Vai com calma, Alli. Com calma.
- Tudo bem, vou parar, mas que fique bem claro que achei isso muito estranho. - Concluo. - Uma pergunta: aqui não têm animais ferozes, né?
- Animais ferozes? - Ele repete a pergunta.
- Sim. Nós não estamos correndo perigo de vida, não é? - Não entendam errado, eu sou corajoso. É só que...
- Eu não estou, mas não diria o mesmo de você. - Zion diz e então perco a paciência.
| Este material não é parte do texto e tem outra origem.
Lemma bfloor_addn_le (k : nat) (x x' : R) :
  0 <= x -> x' < B.+1%:R -> x + k%:R <= x' -> (bfloor B x + k <= bfloor B x')%N.
Proof.
move=> x0 x'B le_xx'.
have k0 : 0 <= k%:R :> R by [].
have [fx xf] := bfloorP x0 (ltac:(lra) : x < B.+1%:R).
have [fx' x'f] := bfloorP (ltac:(lra) : 0 <= x') x'B.
have : (bfloor B x + k)%:R < (bfloor B x').+1%:R :> R by rewrite natrD; lra.
by rewrite ltr_nat ltnS.
Qed.

Lemma bfloor_le_addn (k : nat) (x x' : R) :
  0 <= x -> x <= x' -> x' < B.+1%:R -> x' <= x + k%:R -> (bfloor B x' <= bfloor B x + k)%N.
Proof.
move=> x0 xx' x'B le_x'x.
have [fx xf] := bfloorP x0 (ltac:(lra) : x < B.+1%:R).
have [fx' x'f] := bfloorP (ltac:(lra) : 0 <= x') x'B.
have : (bfloor B x')%:R < (bfloor B x + k).+1%:R :> R by rewrite -addSn natrD; lra.
by rewrite ltr_nat ltnS.
Qed.

Lemma bfloor_le (x x' : R) :
  0 <= x -> x <= x' -> x' < B.+1%:R -> (bfloor B x <= bfloor B x')%N.
Proof. by move=> x0 xx' x'B; rewrite -[bfloor B x]addn0 bfloor_addn_le ?addr0. Qed.

Definition jump (x : R) : R := (bfloor B x)%:R + 1 - x.

Lemma jump_itv (x : R) : 0 <= x -> x <= B%:R -> 0 < jump x <= 1.
Proof.
move=> x0 xB; have [fx xf] := bfloorP x0 (ltac:(rewrite -natr1; lra) : x < B.+1%:R).
by rewrite /jump; move: xf; rewrite -natr1 => xf; apply/andP; split; lra.
Qed.

Lemma bfloor_shift (x t : R) :
  0 <= x -> x <= B%:R -> 0 <= t < 1 ->
  bfloor B (x + t) = (bfloor B x + (jump x <= t)%R)%N.
Proof.
move=> x0 xB /andP[t0 t1].
have [fx xf] := bfloorP x0 (ltac:(rewrite -natr1; lra) : x < B.+1%:R).
case: (leP (jump x) t); rewrite /jump => h;
  apply: bfloor_unique; rewrite ?natrD -?natr1 //=; try lra; apply/andP; split; lra.
Qed.

End BoundedFloor.

Section StepWeights.
Variables (R : realFieldType) (T : seq R).

(* The least element of [T] above [t], or [1] if there is none. *)
Definition next_point (t : R) : R :=
  foldr (fun a nxt => if (t < a) && (a < nxt) then a else nxt) 1 T.

Definition step_weight (t : R) : R := next_point t - t.

Lemma next_point_mem t : next_point t \in 1 :: T.
Proof.
rewrite /next_point; elim: T => [|a T' IH] /=; first exact: mem_head.
case: ifP => _; first by rewrite !inE eqxx orbT.
by move: IH; rewrite !inE => /orP[->|->]; rewrite ?orbT.
Qed.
- Eu já entendi que você está disposto a me matar a qualquer momento, Z, eu já sei disso. E mesmo assim continuo aqui. Caramba, você não entende? Eu não vou embora, vou ficar aqui. - Falo determinado e em bom tom. - E agora eu vou caçar. - Digo enquanto tiro de suas mãos a espingarda.
- Ok, Alli, eu já percebi a sua determinação, não sou idiota. - Ele ri calmamente. Odeio quando faz isso, é como se tivesse autoridade total sobre mim e não se importasse com nada que eu digo a ele. - E também já disse que é isso que me agrada em você. Apenas tome cuidado. - Ele me encara por uns segundos. - E vamos ver o que você é capaz de levar para nosso almoço.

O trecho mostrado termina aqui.